**The input:**

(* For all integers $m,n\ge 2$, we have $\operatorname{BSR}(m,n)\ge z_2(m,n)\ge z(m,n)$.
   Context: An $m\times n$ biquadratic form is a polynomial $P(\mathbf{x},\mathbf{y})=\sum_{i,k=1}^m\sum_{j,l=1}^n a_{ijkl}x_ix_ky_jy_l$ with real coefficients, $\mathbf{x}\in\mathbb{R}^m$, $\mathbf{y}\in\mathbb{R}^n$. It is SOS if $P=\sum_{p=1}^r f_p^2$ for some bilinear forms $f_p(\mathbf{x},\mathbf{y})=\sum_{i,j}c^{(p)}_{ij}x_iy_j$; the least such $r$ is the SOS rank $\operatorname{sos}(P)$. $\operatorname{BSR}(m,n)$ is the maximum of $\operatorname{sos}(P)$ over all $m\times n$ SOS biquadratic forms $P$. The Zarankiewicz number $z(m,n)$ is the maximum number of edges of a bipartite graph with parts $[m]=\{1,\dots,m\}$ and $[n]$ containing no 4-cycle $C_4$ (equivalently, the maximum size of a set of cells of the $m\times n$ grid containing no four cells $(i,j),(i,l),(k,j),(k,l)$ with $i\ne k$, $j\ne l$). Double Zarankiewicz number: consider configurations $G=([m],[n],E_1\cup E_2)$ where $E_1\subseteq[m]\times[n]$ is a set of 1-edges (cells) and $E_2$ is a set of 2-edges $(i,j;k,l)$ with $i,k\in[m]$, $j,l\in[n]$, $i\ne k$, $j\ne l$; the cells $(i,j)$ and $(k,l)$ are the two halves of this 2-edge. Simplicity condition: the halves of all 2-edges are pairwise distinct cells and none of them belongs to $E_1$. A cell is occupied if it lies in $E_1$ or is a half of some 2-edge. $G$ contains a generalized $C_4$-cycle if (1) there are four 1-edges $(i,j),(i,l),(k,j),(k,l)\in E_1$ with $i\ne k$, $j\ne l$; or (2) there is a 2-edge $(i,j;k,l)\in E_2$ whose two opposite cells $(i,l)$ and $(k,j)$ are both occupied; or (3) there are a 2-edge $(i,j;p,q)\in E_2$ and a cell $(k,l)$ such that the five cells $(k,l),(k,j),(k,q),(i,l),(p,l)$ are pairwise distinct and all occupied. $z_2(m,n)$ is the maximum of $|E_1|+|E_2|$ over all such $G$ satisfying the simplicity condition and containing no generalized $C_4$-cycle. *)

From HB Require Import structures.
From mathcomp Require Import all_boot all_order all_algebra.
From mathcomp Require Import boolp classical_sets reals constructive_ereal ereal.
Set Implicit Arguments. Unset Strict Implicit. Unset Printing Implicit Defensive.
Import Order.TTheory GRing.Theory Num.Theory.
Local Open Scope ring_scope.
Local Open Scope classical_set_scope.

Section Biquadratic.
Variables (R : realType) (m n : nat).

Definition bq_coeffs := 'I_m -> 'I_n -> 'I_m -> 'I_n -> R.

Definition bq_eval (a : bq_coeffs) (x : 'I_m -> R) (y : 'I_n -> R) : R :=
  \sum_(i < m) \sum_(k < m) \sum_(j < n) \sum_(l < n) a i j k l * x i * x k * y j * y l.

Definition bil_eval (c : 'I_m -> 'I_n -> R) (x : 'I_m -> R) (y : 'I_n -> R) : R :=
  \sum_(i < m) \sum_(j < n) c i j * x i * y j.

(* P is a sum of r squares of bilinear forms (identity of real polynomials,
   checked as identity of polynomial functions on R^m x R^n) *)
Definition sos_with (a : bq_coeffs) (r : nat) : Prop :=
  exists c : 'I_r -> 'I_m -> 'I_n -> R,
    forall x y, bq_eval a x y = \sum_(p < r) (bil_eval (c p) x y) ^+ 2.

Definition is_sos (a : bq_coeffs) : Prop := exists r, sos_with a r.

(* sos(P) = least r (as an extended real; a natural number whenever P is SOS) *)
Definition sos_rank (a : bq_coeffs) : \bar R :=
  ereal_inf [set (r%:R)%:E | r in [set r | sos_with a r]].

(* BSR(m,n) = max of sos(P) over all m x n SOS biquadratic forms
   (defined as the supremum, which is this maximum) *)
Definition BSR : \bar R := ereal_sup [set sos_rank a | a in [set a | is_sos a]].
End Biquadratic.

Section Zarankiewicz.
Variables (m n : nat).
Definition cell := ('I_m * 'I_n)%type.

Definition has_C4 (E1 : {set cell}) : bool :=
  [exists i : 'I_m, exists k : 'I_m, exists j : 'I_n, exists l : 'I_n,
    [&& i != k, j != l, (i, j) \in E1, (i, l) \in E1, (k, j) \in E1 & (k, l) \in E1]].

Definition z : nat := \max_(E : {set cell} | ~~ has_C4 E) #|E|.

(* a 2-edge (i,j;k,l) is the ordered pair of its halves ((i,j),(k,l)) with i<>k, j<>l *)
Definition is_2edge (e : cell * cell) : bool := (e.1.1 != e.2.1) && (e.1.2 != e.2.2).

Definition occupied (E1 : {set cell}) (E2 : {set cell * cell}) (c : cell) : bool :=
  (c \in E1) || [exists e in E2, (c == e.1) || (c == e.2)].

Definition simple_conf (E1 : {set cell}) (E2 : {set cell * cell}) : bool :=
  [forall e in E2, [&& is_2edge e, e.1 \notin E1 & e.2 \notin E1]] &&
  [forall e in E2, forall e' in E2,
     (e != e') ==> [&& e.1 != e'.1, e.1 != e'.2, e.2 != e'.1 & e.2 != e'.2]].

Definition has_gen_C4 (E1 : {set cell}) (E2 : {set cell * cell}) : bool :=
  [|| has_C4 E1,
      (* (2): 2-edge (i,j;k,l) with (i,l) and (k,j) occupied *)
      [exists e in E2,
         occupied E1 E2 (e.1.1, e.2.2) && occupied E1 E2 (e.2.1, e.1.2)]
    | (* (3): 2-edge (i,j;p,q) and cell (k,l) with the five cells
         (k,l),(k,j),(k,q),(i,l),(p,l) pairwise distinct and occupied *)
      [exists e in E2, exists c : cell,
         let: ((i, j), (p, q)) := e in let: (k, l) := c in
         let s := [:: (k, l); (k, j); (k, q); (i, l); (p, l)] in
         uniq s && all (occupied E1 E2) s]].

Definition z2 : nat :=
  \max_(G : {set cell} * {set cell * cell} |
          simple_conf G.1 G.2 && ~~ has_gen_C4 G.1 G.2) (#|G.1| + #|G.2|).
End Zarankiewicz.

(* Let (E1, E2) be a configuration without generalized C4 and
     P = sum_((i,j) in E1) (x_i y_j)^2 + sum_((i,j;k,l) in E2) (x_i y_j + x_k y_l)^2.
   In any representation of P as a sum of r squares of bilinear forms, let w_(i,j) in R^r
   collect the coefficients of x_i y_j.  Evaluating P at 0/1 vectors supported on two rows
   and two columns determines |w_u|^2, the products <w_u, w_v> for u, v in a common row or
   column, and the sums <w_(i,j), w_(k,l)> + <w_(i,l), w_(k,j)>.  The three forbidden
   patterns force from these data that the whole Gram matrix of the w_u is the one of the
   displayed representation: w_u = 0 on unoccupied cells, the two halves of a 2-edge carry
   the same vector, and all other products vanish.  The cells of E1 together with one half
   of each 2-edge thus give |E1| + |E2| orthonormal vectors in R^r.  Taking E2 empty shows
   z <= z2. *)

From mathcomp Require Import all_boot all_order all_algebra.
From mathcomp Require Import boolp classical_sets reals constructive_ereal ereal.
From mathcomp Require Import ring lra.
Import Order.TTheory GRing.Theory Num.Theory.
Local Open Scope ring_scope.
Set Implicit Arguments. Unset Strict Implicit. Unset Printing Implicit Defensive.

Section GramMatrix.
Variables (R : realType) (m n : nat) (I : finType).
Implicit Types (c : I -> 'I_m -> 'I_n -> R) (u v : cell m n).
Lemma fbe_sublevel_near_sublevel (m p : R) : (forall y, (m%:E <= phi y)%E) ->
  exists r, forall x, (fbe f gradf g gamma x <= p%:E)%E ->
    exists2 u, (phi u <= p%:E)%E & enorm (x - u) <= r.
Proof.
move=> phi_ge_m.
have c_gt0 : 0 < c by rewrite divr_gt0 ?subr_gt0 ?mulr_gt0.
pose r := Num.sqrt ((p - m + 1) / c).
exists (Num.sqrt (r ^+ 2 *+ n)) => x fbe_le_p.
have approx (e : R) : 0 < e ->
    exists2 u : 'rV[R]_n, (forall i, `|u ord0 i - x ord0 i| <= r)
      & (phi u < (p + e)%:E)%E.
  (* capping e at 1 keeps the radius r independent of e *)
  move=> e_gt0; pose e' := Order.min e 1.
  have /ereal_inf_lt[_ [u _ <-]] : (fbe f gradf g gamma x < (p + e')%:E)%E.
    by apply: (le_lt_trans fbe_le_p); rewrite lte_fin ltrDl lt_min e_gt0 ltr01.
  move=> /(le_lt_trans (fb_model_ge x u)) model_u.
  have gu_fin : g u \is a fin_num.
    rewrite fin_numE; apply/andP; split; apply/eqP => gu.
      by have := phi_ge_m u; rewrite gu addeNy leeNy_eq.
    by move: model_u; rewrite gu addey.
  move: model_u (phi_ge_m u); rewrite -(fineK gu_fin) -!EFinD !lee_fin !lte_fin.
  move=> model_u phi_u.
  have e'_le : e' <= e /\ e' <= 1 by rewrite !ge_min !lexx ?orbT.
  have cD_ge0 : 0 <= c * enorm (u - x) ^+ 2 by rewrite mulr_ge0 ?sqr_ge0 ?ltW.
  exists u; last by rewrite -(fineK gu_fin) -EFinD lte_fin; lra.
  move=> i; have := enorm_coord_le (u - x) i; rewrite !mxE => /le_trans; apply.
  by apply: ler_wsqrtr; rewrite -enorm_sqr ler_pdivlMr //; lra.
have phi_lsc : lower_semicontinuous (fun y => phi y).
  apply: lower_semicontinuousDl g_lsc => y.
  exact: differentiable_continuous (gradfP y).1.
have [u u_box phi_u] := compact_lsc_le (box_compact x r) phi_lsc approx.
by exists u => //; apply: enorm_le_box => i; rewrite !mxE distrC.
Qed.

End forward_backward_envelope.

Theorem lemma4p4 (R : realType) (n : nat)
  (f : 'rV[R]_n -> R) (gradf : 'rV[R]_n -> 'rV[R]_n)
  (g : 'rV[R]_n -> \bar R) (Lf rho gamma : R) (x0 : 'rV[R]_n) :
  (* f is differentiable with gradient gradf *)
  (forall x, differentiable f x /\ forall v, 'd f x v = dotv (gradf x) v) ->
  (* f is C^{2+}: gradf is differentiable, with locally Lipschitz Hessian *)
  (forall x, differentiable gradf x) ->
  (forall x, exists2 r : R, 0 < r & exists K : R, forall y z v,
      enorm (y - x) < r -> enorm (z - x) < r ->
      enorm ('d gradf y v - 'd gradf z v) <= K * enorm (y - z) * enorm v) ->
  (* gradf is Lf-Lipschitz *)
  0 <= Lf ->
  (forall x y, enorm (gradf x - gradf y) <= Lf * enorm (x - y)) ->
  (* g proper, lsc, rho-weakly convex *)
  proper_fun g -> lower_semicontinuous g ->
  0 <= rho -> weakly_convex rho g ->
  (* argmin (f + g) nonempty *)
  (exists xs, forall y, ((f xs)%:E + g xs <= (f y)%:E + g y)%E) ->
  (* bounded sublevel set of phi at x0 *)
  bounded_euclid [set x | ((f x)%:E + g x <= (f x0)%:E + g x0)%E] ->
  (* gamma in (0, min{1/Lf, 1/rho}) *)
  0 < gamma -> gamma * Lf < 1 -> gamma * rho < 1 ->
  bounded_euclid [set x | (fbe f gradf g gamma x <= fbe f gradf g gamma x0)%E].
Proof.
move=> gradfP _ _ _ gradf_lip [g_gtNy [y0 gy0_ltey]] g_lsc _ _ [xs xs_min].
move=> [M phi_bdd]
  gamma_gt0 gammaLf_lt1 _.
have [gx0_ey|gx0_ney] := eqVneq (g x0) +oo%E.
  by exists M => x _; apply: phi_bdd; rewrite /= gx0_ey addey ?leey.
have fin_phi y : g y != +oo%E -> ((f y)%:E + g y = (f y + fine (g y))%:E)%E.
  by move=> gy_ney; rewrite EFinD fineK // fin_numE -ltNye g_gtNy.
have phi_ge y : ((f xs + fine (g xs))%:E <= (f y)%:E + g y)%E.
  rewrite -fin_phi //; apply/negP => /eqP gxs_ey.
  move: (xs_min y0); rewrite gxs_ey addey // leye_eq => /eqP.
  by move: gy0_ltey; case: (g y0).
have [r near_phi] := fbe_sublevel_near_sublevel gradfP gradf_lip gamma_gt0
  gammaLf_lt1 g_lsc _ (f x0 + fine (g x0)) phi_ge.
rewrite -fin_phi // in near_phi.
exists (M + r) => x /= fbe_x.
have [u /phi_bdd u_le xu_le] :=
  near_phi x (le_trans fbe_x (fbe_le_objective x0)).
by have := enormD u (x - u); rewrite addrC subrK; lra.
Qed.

**Work order:** Of all the entries above, repeat only the lines from the line that has "checked as identity" to the line that has "(* BSR(m,n) = max", both lines included, exactly.

**Solved problem:**
   checked as identity of polynomial functions on R^m x R^n) *)
Definition sos_with (a : bq_coeffs) (r : nat) : Prop :=
  exists c : 'I_r -> 'I_m -> 'I_n -> R,
    forall x y, bq_eval a x y = \sum_(p < r) (bil_eval (c p) x y) ^+ 2.

Definition is_sos (a : bq_coeffs) : Prop := exists r, sos_with a r.

(* sos(P) = least r (as an extended real; a natural number whenever P is SOS) *)
Definition sos_rank (a : bq_coeffs) : \bar R :=
  ereal_inf [set (r%:R)%:E | r in [set r | sos_with a r]].

(* BSR(m,n) = max of sos(P) over all m x n SOS biquadratic forms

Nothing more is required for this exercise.